*ACTIVITY*
A line below contains "have r_pred : r%:R", and a later one contains "Lemma Cw_ham (s". Repeat both, with every line between them, exactly.
───── SOURCE MATERIAL
(* Let $r\ge 4$ and let $w:E(K_r)\to\mathbb{R}_{>0}$ be a positive edge-weighting of the complete graph $K_r$. For each edge $e$ let $C_w(e)$ be the maximum of $w(C)=\sum_{f\in E(C)}w(f)$ over all cycles $C$ of $K_r$ containing $e$, and set $\phi(e)=w(e)/C_w(e)$. If $\sum_{e\in E(K_r)}\frac{w(e)}{C_w(e)}=\frac{r-1}{2}$, then there exists $a:V(K_r)\to\mathbb{R}$ such that $\phi(uv)=\frac{a(u)+a(v)}{2}$ for all edges $uv$. *)

(* The complete graph K_r has vertex set 'I_r; its edges are
   the unordered pairs {u,v} with u != v.  An edge weighting is a symmetric
   function w : 'I_r -> 'I_r -> R (only values with u != v matter). *)
From HB Require Import structures.
From mathcomp Require Import all_boot all_order all_algebra.
From mathcomp Require Import reals.
Set Implicit Arguments. Unset Strict Implicit. Unset Printing Implicit Defensive.
Import Order.TTheory GRing.Theory Num.Theory.
Local Open Scope ring_scope.

Section Cycles.
Variables (R : realType) (r : nat) (w : 'I_r -> 'I_r -> R).

Definition cyc_edges (s : seq 'I_r) : seq ('I_r * 'I_r) := zip s (rot 1 s).

Definition is_cycle (s : seq 'I_r) : bool := uniq s && (3 <= size s)%N.

Definition cyc_has_edge (s : seq 'I_r) (u v : 'I_r) : bool :=
  has (fun p => (p == (u, v)) || (p == (v, u))) (cyc_edges s).

Definition cyc_weight (s : seq 'I_r) : R :=
  \sum_(p <- cyc_edges s) w p.1 p.2.

(* Cycles have at most r
   vertices; we range over all k-tuples, k <= r.  The default 0 of the max is
   harmless: weights are positive and for r >= 3 every edge lies on a cycle. *)
Definition Cw (u v : 'I_r) : R :=
  \big[Num.max/0]_(k < r.+1)
    \big[Num.max/0]_(t : k.-tuple 'I_r | is_cycle t && cyc_has_edge t u v)
      cyc_weight t.

Definition phi (u v : 'I_r) : R := w u v / Cw u v.

End Cycles.

From HB Require Import structures.
From mathcomp Require Import all_boot all_order all_algebra all_fingroup.
From mathcomp Require Import reals.
From mathcomp Require Import zify ring lra.
Import Order.TTheory GRing.Theory Num.Theory.
Local Open Scope ring_scope.

(* An ordering s of the vertices is a Hamiltonian cycle through each of its edges, so
   C_w(e) >= w(s) and phi(e) <= w(e) / w(s) along s: the phi-values along a Hamiltonian
   cycle sum to at most 1.  Summed over all r! orderings, every ordered pair of vertices
   is consecutive equally often, and the hypothesis says that the total is exactly r!.
   Hence every Hamiltonian cycle is a heaviest cycle through each of its edges.  The
   Hamiltonian cycles a b c d ... and a c b d ... share their closing edge, so they have
   the same weight: w(ab) + w(cd) = w(ac) + w(bd).  This four-point condition forces
   w(uv) = b(u) + b(v), with b(u) the Gromov product at u of any two other vertices;
   then C_w is constantly 2 (sum of b) and a = b / (sum of b). *)

Lemma ordS_neq {n : nat} (i : 'I_n) : (1 < n)%N -> ordS i != i.
Proof.
move=> n_gt1; rewrite -val_eqE /=; have := ltn_ord i.
rewrite leq_eqVlt => /predU1P[n_eq|i_lt]; last by rewrite modn_small ?gtn_eqF.
by rewrite {1}n_eq modnn; lia.
Qed.

Lemma rot1_enum_ord (n : nat) : rot 1 (enum 'I_n) = map (@ordS n) (enum 'I_n).
Proof.
case: n => [|n]; first by rewrite !enum_ord0.
apply: (inj_map val_inj); rewrite map_rot val_enum_ord -map_comp.
rewrite (map_comp (fun m => (m.+1 %% n.+1)%N) val) val_enum_ord [in LHS]/= rot1_cons.
rewrite -[in RHS](addn1 n) iotaD add0n cats1 map_rcons addn1 /= modnn.
congr rcons; rewrite (iotaDl 1 0) -[in RHS](map_id (iota 0 n)) -map_comp.
by apply/eq_in_map => m; rewrite mem_iota /= add0n => m_lt; rewrite modn_small.
Qed.

Lemma perm_enum_of_perm_eq {n : nat} {t : seq 'I_n} :
  perm_eq t (enum 'I_n) -> exists s : 'S_n, map s (enum 'I_n) = t.
Proof.
rewrite -val_ord_tuple => /tuple_permP[s ->].
by exists s; apply: eq_map => i; rewrite tnth_ord_tuple.
Qed.

Lemma perm_cat_enum_compl {T : finType} {s : seq T} :
  uniq s -> perm_eq (s ++ [seq x <- enum T | x \notin s]) (enum T).
Proof.
move=> s_uniq; apply: uniq_perm; last first.
- by move=> x; rewrite mem_cat mem_filter mem_enum andbT orbN.
- exact: enum_uniq.
rewrite cat_uniq s_uniq filter_uniq ?enum_uniq // andbT.
by apply/hasP => -[x]; rewrite mem_filter => /andP[/negPf->].
Qed.

Lemma perm_pair_exists {T : finType} {j k j' k' : T} : j != k -> j' != k' ->
  exists tau : {perm T}, tau j' = j /\ tau k' = k.
Proof.
move=> jk jk'; set m := tperm j' j k'.
have mj : m != j by rewrite -[X in _ != X](tpermL j' j) (inj_eq perm_inj) eq_sym.
exists (tperm j' j * tperm m k)%g; rewrite !permM tpermL; split; last by rewrite tpermL.
by rewrite tpermD // eq_sym.
Qed.

Lemma sum_perm_pair_eq {V : nmodType} {T : finType} (F : T -> T -> V) (j k j' k' : T) :
  j != k -> j' != k' ->
  \sum_(s : {perm T}) F (s j) (s k) = \sum_(s : {perm T}) F (s j') (s k').
Proof.
move=> jk jk'; have [tau [<- <-]] := perm_pair_exists jk jk'.
by rewrite [RHS](reindex_inj (mulgI tau)); apply: eq_bigr => s _; rewrite !permM.
Qed.

Lemma sum_neq_sym {V : nmodType} {n : nat} (F : 'I_n -> 'I_n -> V) :
  (forall u v, F u v = F v u) ->
  \sum_(u < n) \sum_(v < n | u != v) F u v =
  (\sum_(u < n) \sum_(v < n | (u < v)%N) F u v) *+ 2.
Proof.
move=> Fsym.
have swap : \sum_(u < n) \sum_(v < n | (u < v)%N) F u v =
            \sum_(u < n) \sum_(v < n | (v < u)%N) F u v.
  by rewrite (exchange_big_dep xpredT) //=; apply: eq_bigr => u _; apply: eq_bigr.
rewrite mulr2n {2}swap -big_split; apply: eq_bigr => u _ /=.
rewrite (bigID (fun v : 'I_n => (u < v)%N)); congr (_ + _); apply: eq_bigl => v;
  by rewrite -val_eqE /= neq_ltn; case: ltngtP.
Qed.

Lemma sum_perm_cyclic_pairs {V : nmodType} {n : nat} (F : 'I_n -> 'I_n -> V) : (1 < n)%N ->
  (\sum_(s : 'S_n) \sum_(i < n) F (s i) (s (ordS i))) *+ n.-1 =
  (\sum_(u < n) \sum_(v < n | u != v) F u v) *+ n`!.
Proof.
move=> n_gt1; pose i0 : 'I_n := Ordinal (ltnW n_gt1).
pose P := \sum_(s : 'S_n) F (s i0) (s (ordS i0)).
have PE j k : j != k -> \sum_(s : 'S_n) F (s j) (s k) = P.
  by move=> jk; apply: sum_perm_pair_eq; rewrite // eq_sym ordS_neq.
have -> : \sum_(s : 'S_n) \sum_(i < n) F (s i) (s (ordS i)) = P *+ n.
  rewrite exchange_big /= -[in RHS](card_ord n) -sumr_const.
  by apply: eq_bigr => i _; apply: PE; rewrite eq_sym ordS_neq.
have -> : (\sum_(u < n) \sum_(v < n | u != v) F u v) *+ n`! =
          \sum_(s : 'S_n) \sum_(j < n) \sum_(k < n | j != k) F (s j) (s k).
  rewrite -card_Sn -sumr_const; apply: eq_bigr => s _.
  rewrite (reindex_inj (@perm_inj _ s)); apply: eq_bigr => j _.
  by rewrite (reindex_inj (@perm_inj _ s)); apply: eq_bigl => k; rewrite (inj_eq perm_inj).
rewrite exchange_big /=.
have sum_neqP j : \sum_(k < n | j != k) P = P *+ n.-1.
  rewrite (eq_bigl (fun k => k \in predC1 j)) => [|k]; last by rewrite inE eq_sym.
  by rewrite sumr_const cardC1 card_ord.
under eq_bigr => j _ do rewrite exchange_big /= (eq_bigr (fun=> P) (PE j)) sum_neqP.
by rewrite sumr_const card_ord -!mulrnA mulnC.
Qed.

Lemma exists_notin {T : finType} (s : seq T) : (size s < #|T|)%N -> exists x, x \notin s.
Proof.
move=> lt_sT; have /subsetPn[x _ sx] : ~~ (T \subset s); last by exists x.
by apply: contraTN lt_sT => /subset_leq_card le_Ts; rewrite -leqNgt (leq_trans le_Ts) ?card_size.
Qed.

Definition four_point {T : eqType} {R : nmodType} (w : T -> T -> R) :=
  forall a b c d, uniq [:: a; b; c; d] -> w a b + w c d = w a c + w b d.

Section FourPoint.
Context {T : finType} {R : numFieldType} (w : T -> T -> R).
Hypotheses (wsym : forall u v, w u v = w v u) (w4 : four_point w).

Definition gromov_product u p q := (w u p + w u q - w p q) / 2.

Lemma gromov_productC u p q : gromov_product u p q = gromov_product u q p.
Proof. by rewrite /gromov_product (wsym p q) (addrC (w u p)). Qed.

Lemma gromov_product_change {u p q x : T} : u != p -> u != q -> u != x -> p != q -> p != x ->
  gromov_product u p q = gromov_product u p x.
Proof.
move=> up uq ux pq px; have [-> //|qx] := eqVneq q x.
have := w4 u q x p; rewrite /= !inE !negb_or up uq ux qx (eq_sym q p) pq (eq_sym x p) px.
rewrite (wsym x p) (wsym q p) => /(_ isT) h; rewrite /gromov_product; congr (_ / 2).
by apply/eqP; rewrite -subr_eq0 -(subrr (w u q + w p x)) {2}h; apply/eqP; ring.
Qed.

Lemma gromov_product_indep {u p q p' q' : T} :
  u != p -> u != q -> p != q -> u != p' -> u != q' -> p' != q' ->
  gromov_product u p q = gromov_product u p' q'.
Proof.
move=> up uq pq up' uq' p'q'; have [q'p | q'p] := eqVneq q' p.
  rewrite q'p in p'q' *; rewrite (gromov_product_change up uq up' pq).
    exact: gromov_productC.
  by rewrite eq_sym.
rewrite (gromov_product_change up uq uq' pq); last by rewrite eq_sym.
rewrite gromov_productC (gromov_product_change uq' up up' q'p).
  exact: gromov_productC.
by rewrite eq_sym.
Qed.

Lemma four_point_additive : (2 < #|T|)%N ->
  exists b : T -> R, forall u v, u != v -> w u v = b u + b v.
Proof.
move=> T_gt2; have pair u : exists pq : T * T, [&& u != pq.1, u != pq.2 & pq.1 != pq.2].
  have [p] := exists_notin [:: u] (ltnW T_gt2); rewrite inE => up.
  have [q] := exists_notin [:: u; p] T_gt2; rewrite !inE !negb_or => /andP[qu qp].
  by exists (p, q); rewrite /= !(eq_sym u) up qu eq_sym qp.
exists (fun u => gromov_product u (xchoose (pair u)).1 (xchoose (pair u)).2) => u v uv.
have [x] := exists_notin [:: u; v] T_gt2.
rewrite !inE !negb_or => /andP[]; rewrite !(eq_sym x) => ux vx.
have /and3P[up uq pq] := xchooseP (pair u); have /and3P[vp vq pq'] := xchooseP (pair v).
rewrite (gromov_product_indep up uq pq uv ux vx).
rewrite (gromov_product_indep vp vq pq' (_ : v != u) vx ux); last by rewrite eq_sym.
by rewrite /gromov_product (wsym v u); field.
Qed.

End FourPoint.

Section HamiltonCycles.
Context {R : realType} {r : nat} (w : 'I_r -> 'I_r -> R).

Lemma Cw_sym u v : Cw w u v = Cw w v u.
Proof.
rewrite /Cw; apply: eq_bigr => k _; apply: eq_bigl => t.
by congr (_ && _); apply: eq_has => p; rewrite orbC.
Qed.

Hypothesis r_gt2 : (2 < r)%N.

Let r_gt1 : (1 < r)%N := ltnW r_gt2.
Let i0 : 'I_r := Ordinal (ltnW r_gt1).

Definition ham_weight (s : 'S_r) : R := \sum_(i < r) w (s i) (s (ordS i)).

Lemma cyc_edges_map (f : 'I_r -> 'I_r) :
  cyc_edges (map f (enum 'I_r)) = [seq (f i, f (ordS i)) | i <- enum 'I_r].
Proof. by rewrite /cyc_edges -map_rot rot1_enum_ord -map_comp zip_map. Qed.

Lemma cyc_weight_map_perm (s : 'S_r) : cyc_weight w (map s (enum 'I_r)) = ham_weight s.
Proof. by rewrite /cyc_weight cyc_edges_map big_map big_enum. Qed.

Lemma cyc_weight_le_Cw (t : seq 'I_r) u v :
  is_cycle t -> cyc_has_edge t u v -> cyc_weight w t <= Cw w u v.
Proof.
move=> t_cyc tuv; have size_t : (size t < r.+1)%N.
  case/andP: t_cyc => t_uniq _.
  by rewrite ltnS -(card_uniqP t_uniq) -[X in (_ <= X)%N](card_ord r) max_card.
rewrite /Cw (bigD1 (Ordinal size_t)) //= le_max; apply/orP; left.
by rewrite (bigD1 (Tuple (eqxx (size t)))) ?le_max ?lexx //= t_cyc tuv.
Qed.

Lemma ham_weight_le_Cw (s : 'S_r) i : ham_weight s <= Cw w (s i) (s (ordS i)).
Proof.
rewrite -cyc_weight_map_perm; apply: cyc_weight_le_Cw.
  by rewrite /is_cycle size_map size_enum_ord r_gt2 (map_inj_uniq perm_inj) enum_uniq.
rewrite /cyc_has_edge cyc_edges_map has_map; apply/hasP; exists i; first by rewrite mem_enum.
by rewrite /= eqxx.
Qed.

Lemma ham_edge_neq (s : 'S_r) i : s i != s (ordS i).
Proof. by rewrite (inj_eq perm_inj) eq_sym ordS_neq. Qed.

Hypothesis wpos : forall u v, u != v -> 0 < w u v.

Lemma ham_edge_gt0 (s : 'S_r) i : 0 < w (s i) (s (ordS i)).
Proof. exact/wpos/ham_edge_neq. Qed.

Lemma ham_weight_gt0 s : 0 < ham_weight s.
Proof.
rewrite /ham_weight (bigD1 i0) //= ltr_pwDl ?ham_edge_gt0 //.
by apply: sumr_ge0 => i _; apply/ltW/ham_edge_gt0.
Qed.

Lemma phi_ham_le (s : 'S_r) i :
  phi w (s i) (s (ordS i)) <= w (s i) (s (ordS i)) / ham_weight s.
Proof.
have Cw_gt0 := lt_le_trans (ham_weight_gt0 s) (ham_weight_le_Cw s i).
by rewrite /phi ler_pM2l ?ham_edge_gt0 // lef_pV2 ?posrE ?ham_weight_gt0 ?ham_weight_le_Cw.
Qed.

Hypothesis wsym : forall u v, w u v = w v u.

Lemma phi_sym u v : phi w u v = phi w v u.
Proof. by rewrite /phi wsym Cw_sym. Qed.

Hypothesis hsum : \sum_(u < r) \sum_(v < r | (u < v)%N) phi w u v = (r%:R - 1) / 2.

Lemma sum_ham_phi : \sum_(s : 'S_r) \sum_(i < r) phi w (s i) (s (ordS i)) = r`!%:R.
Proof.
have r_pred : r%:R - 1 = r.-1%:R :> R by rewrite -{1}(prednK (ltnW r_gt1)) -natr1 addrK.
have := sum_perm_cyclic_pairs (phi w) r_gt1.
rewrite sum_neq_sym; last exact: phi_sym.
rewrite hsum mulr2n -splitr r_pred -mulrnA mulnC mulrnA.
by apply: pmulrnI; rewrite ltn_predRL.
Qed.

Lemma Cw_ham (s : 'S_r) i : Cw w (s i) (s (ordS i)) = ham_weight s.
Proof.
pose d (t : 'S_r) j := w (t j) (t (ordS j)) / ham_weight t - phi w (t j) (t (ordS j)).
have d_ge0 t j : 0 <= d t j by rewrite subr_ge0 phi_ham_le.
have sum_d : \sum_(t : 'S_r) \sum_(j < r) d t j = 0.
  under eq_bigr => t _ do rewrite sumrB -mulr_suml divff ?gt_eqF ?ham_weight_gt0 //.
  by rewrite sumrB sum_ham_phi sumr_const card_Sn subrr.
have /eqP : d s i = 0.
  have sum_d_s : \sum_(j < r) d s j = 0.
    by apply: (psumr_eq0P _ sum_d) => // t _; apply: sumr_ge0 => j _; apply: d_ge0.
  exact: (psumr_eq0P _ sum_d_s).
by rewrite subr_eq0 /phi => /eqP /(mulfI (lt0r_neq0 (ham_edge_gt0 s i))) /invr_inj ->.
Qed.

Lemma Cw_last_head (s : 'S_r) x t :
  map s (enum 'I_r) = x :: t -> Cw w (last x t) x = cyc_weight w (x :: t).
Proof.
move=> s_enum; have nth_s j : s j = nth x (x :: t) j.
  by rewrite -s_enum (nth_map j) ?size_enum_ord // nth_ord_enum.
have size_t : (size t).+1 = r by rewrite -[RHS](size_enum_ord r) -(size_map s (enum 'I_r)) s_enum.
rewrite -s_enum cyc_weight_map_perm -(Cw_ham s (ord_pred i0)) ord_predK !nth_s /=.
rewrite modn_small ?ltn_predL ?(ltnW r_gt1) // add0n.
have -> : r.-1 = size t := esym (congr1 predn size_t).
by rewrite (nth_last x (x :: t)).
Qed.

Lemma ham_four_point : four_point w.
Proof.
move=> a b c d abcd; set rest := [seq x <- enum 'I_r | x \notin [:: a; b; c; d]].
have abcd_enum := perm_cat_enum_compl abcd.
have acbd_enum : perm_eq ([:: a; c; b; d] ++ rest) (enum 'I_r).
  by apply: perm_trans abcd_enum; rewrite perm_cons (perm_catCA [:: c] [:: b]).
have [s1 /Cw_last_head] := perm_enum_of_perm_eq abcd_enum.
have [s2 /Cw_last_head] := perm_enum_of_perm_eq acbd_enum.
(* Both cycles close with the edge from the last vertex of rest (or d) back to a. *)
rewrite /= => ->; rewrite -/rest /cyc_weight /cyc_edges /= !big_cons /= (wsym c b).
lra.
Qed.

Lemma Cw_additive {b : 'I_r -> R} : (forall u v, u != v -> w u v = b u + b v) ->
  forall u v, u != v -> Cw w u v = (\sum_x b x) *+ 2.
Proof.
move=> wE u v uv; have i0S : i0 != ordS i0 by rewrite eq_sym ordS_neq.
have [s [<- <-]] := perm_pair_exists uv i0S.
rewrite Cw_ham /ham_weight.
under eq_bigr => i _ do rewrite (wE _ _ (ham_edge_neq s i)).
rewrite big_split mulr2n /= [in RHS](reindex_inj (@perm_inj _ s)); congr (_ + _).
by rewrite [RHS](reindex_inj (@ordS_inj r)).
Qed.

End HamiltonCycles.

Theorem proposition3p7 (R : realType) (r : nat) (w : 'I_r -> 'I_r -> R)
  (hr : (4 <= r)%N)
  (wsym : forall u v : 'I_r, w u v = w v u)
  (wpos : forall u v : 'I_r, u != v -> 0 < w u v)
  (hsum : \sum_(u < r) \sum_(v < r | (u < v)%N) phi w u v = (r%:R - 1) / 2) :
  exists a : 'I_r -> R,
    forall u v : 'I_r, u != v -> phi w u v = (a u + a v) / 2.
Proof.
have r_gt2 : (2 < r)%N := ltnW hr.
have card_gt2 : (2 < #|'I_r|)%N by rewrite card_ord.
have [b wE] := four_point_additive w wsym (ham_four_point w r_gt2 wpos wsym hsum) card_gt2.
have CwE := Cw_additive w r_gt2 wpos wsym hsum wE.
exists (fun x => b x / \sum_y b y) => u v uv.
by rewrite /phi CwE // wE // -mulrDl -[in LHS]mulr_natr invfM mulrA.
Qed.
──────────
*SOLUTION TO THIS PROBLEM*
have r_pred : r%:R - 1 = r.-1%:R :> R by rewrite -{1}(prednK (ltnW r_gt1)) -natr1 addrK.
have := sum_perm_cyclic_pairs (phi w) r_gt1.
rewrite sum_neq_sym; last exact: phi_sym.
rewrite hsum mulr2n -splitr r_pred -mulrnA mulnC mulrnA.
by apply: pmulrnI; rewrite ltn_predRL.
Qed.

Lemma Cw_ham (s : 'S_r) i : Cw w (s i) (s (ordS i)) = ham_weight s.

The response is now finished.